Data extracted from a collection:
_ _ _ _ _
Lemma cvg_est_integrand_contam (g : R -> R) (y x eps0 : R) (c : R -> 'cV[R]_p)
    (L : 'cV[R]_p) :
  A != 0 -> 0 < eps0 -> 0 < smooth W h g x -> 0 <= W x y h ->
  (forall e, 0 <= e < eps0 -> 0 < fs (c e) x) ->
  (fun e => e^-1 *: (c e - c 0)) @ 0^'+ --> L ->
  differentiable (fun t => fs t x) (c 0) -> differentiable (fun t => us t x) (c 0) ->
  (fun e => e^-1 *: (est_integrand alpha lambda W h f (smooth_contam W h g y e) (c e) x
                     - est_integrand alpha lambda W h f (smooth_contam W h g y 0) (c 0) x))
    @ 0^'+ -->
  N1_integrand alpha lambda W h f (smooth W h g) (c 0) y x
    - N2_integrand alpha lambda W h f (smooth W h g) (c 0) x
    - J1_integrand alpha W h f (c 0) x *m L
    - A^-1 *: (J2_integrand alpha lambda W h f (smooth W h g) (c 0) x *m L).
Proof.
move=> A0 eps0_gt0 s0 w0 fs_gt0 cL dfs dus.
have dc := is_derive_extend_right cL.
have fs0 : 0 < fs (extend_right c L 0) x.
  by rewrite extend_right0 fs_gt0 // lexx eps0_gt0.
rewrite -(extend_right0 c L) in dfs dus *.
have := is_derive_cvg_at_right
  (is_derive_est_integrand_contam g y x _ L A0 s0 fs0 dc dfs dus).
apply: cvg_trans; apply: near_eq_cvg; near=> e.
have e0 : 0 < e by near: e; exact: nbhs_right_gt.
have e_eps0 : e < eps0 by near: e; exact: nbhs_right_lt.
have e1 : e < 1 by near: e; apply: nbhs_right_lt; exact: ltr01.
rewrite /= extend_right0 /extend_right e0.
have se : 0 < smooth_contam W h g y e x.
  by apply: smooth_contam_gt0 => //; rewrite (ltW e0) e1.
have s0' : 0 < smooth_contam W h g y 0 x.
  by apply: smooth_contam_gt0 => //; rewrite lexx ltr01.
have fse : 0 < fs (c e) x by apply: fs_gt0; rewrite (ltW e0) e_eps0.
have fs0' : 0 < fs (c 0) x by apply: fs_gt0; rewrite lexx eps0_gt0.
by rewrite !est_integrandE.
Unshelve. all: by end_near. Qed.

End SmoothedModel.

Theorem theorem1 (R : realType) (p : nat) (alpha lambda h : R)
  (W : R -> R -> R -> R) (f : 'cV[R]_p -> R -> R) (Theta : set 'cV[R]_p)
  (g : R -> R) (T : (R -> R) -> 'cV[R]_p) (y eps0 : R) :
  0 <= alpha -> 0 < h ->
  (* kernel: nonnegative, a probability density in x for each y *)
  (forall x z, 0 <= W x z h) ->
  (forall z, is_density (fun x => W x z h)) ->
  (* parametric family of densities on an open parameter set *)
  open Theta ->
  (forall theta, Theta theta -> is_density (f theta)) ->
  (* G has Lebesgue density g *)
  is_density g ->
  (* positivity of the smoothed densities *)
  (forall theta x, Theta theta -> 0 < fstar W h f theta x) ->
  (forall x, 0 < smooth W h g x) ->
  0 < eps0 ->
  let gs := smooth_contam W h g y in     (* gs e = smoothed density of G_e *)
  let thg := T (smooth W h g) in         (* theta^g = T*(G) *)
  (* T*(G_e) is a minimum S*-divergence parameter, for 0 <= e < eps0 *)
  (forall e, 0 <= e < eps0 -> Theta (T (gs e))) ->
  (forall e, 0 <= e < eps0 -> forall theta, Theta theta ->
     Sdiv alpha lambda (gs e) (fstar W h f (T (gs e)))
       <= Sdiv alpha lambda (gs e) (fstar W h f theta)) ->
  (* ... and solves the estimating equation *)
  (forall e, 0 <= e < eps0 ->
     vintegrable (est_integrand alpha lambda W h f (gs e) (T (gs e))) /\
     vint (est_integrand alpha lambda W h f (gs e) (T (gs e))) = 0) ->
  (* smoothness of the model in theta *)
  (forall x theta, Theta theta ->
     differentiable (fun t : 'cV[R]_p => fstar W h f t x) theta) ->
  (forall x, differentiable (fun t : 'cV[R]_p => ustar W h f t x) thg) ->
  (* the influence function exists (right derivative in e at 0) *)
  cvg ((fun e => e^-1 *: (T (gs e) - T (gs 0))) @ 0^'+) ->
  (* differentiation in e under the integral sign is permitted *)
  (exists D : R -> 'cV[R]_p,
     vintegrable D /\
     (forall x,
       (fun e => e^-1 *: (est_integrand alpha lambda W h f (gs e) (T (gs e)) x
                          - est_integrand alpha lambda W h f (gs 0) (T (gs 0)) x))
         @ 0^'+ --> D x) /\
     ((fun e => e^-1 *: (vint (est_integrand alpha lambda W h f (gs e) (T (gs e)))
                         - vint (est_integrand alpha lambda W h f (gs 0) (T (gs 0)))))
         @ 0^'+ --> vint D)) ->
  (* the integrals defining N*_g(y) and J*_g exist, and J*_g is invertible *)
  vintegrable (N1_integrand alpha lambda W h f (smooth W h g) thg y) ->
  vintegrable (N2_integrand alpha lambda W h f (smooth W h g) thg) ->
  mintegrable (J1_integrand alpha W h f thg) ->
  mintegrable (J2_integrand alpha lambda W h f (smooth W h g) thg) ->
  Jstar alpha lambda W h f (smooth W h g) thg \in unitmx ->
  influence (fun e => T (gs e)) =
    invmx (Jstar alpha lambda W h f (smooth W h g) thg)
      *m Nstar alpha lambda W h f (smooth W h g) thg y.
Proof.
move=> _ _ W_ge0 _ _ _ _ fs_gt0 s_gt0 eps0_gt0 gs thg T_in _ est0 dfs dus
  T_cvg [D [iD [D_cvg vintD_cvg]]] iN1 iN2 iJ1 iJ2 J_unit.
set L := influence _; have TL : _ @ 0^'+ --> L := T_cvg.
have gs0 : gs 0 = smooth W h g.
  by apply/funext => x; rewrite /gs /smooth_contam subr0 mul1r mul0r addr0.
have in0 : 0 <= (0 : R) < eps0 by rewrite lexx eps0_gt0.
have T_in0 : Theta (T (gs 0)) := T_in 0 in0.
have [A0|A0] := eqVneq (SA alpha lambda) 0.
  by move: J_unit; rewrite Jstar_SA0 // => /unitmx0_all_equal; apply.
suff JL : Jstar alpha lambda W h f (smooth W h g) thg *m L =
          Nstar alpha lambda W h f (smooth W h g) thg y by rewrite -JL mulKmx.
have thgE : thg = T (gs 0) by rewrite gs0.
have DE : D = fun x => N1_integrand alpha lambda W h f (smooth W h g) thg y x
    - N2_integrand alpha lambda W h f (smooth W h g) thg x
    - J1_integrand alpha W h f thg x *m L
    - (SA alpha lambda)^-1 *: (J2_integrand alpha lambda W h f (smooth W h g) thg x *m L).
  apply/funext => x; apply: (cvg_unique _ (D_cvg x)) => //; rewrite thgE.
  apply: (@cvg_est_integrand_contam _ _ _ _ _ _ _ g y x eps0 (fun e => T (gs e))) => //.
  - by move=> e e_itv; apply/fs_gt0/T_in.
  - exact: dfs.
  - by rewrite -thgE.
have vintD0 := cvg_at_right_quotient_eq0 eps0_gt0 (fun e e_in => (est0 e e_in).2)
  vintD_cvg.
by apply: Jstar_mulmx_Nstar => //; rewrite -DE.
Qed.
_ _ _ _ _
__Task to complete__. Write down, word for word, the lines above from the one containing "have fs0 : 0 < fs (extend_right c L 0) x." through the one containing "(is_derive_est_integrand_contam g y", both ends included.

__Finished exercise__.
have fs0 : 0 < fs (extend_right c L 0) x.
  by rewrite extend_right0 fs_gt0 // lexx eps0_gt0.
rewrite -(extend_right0 c L) in dfs dus *.
have := is_derive_cvg_at_right
  (is_derive_est_integrand_contam g y x _ L A0 s0 fs0 dc dfs dus).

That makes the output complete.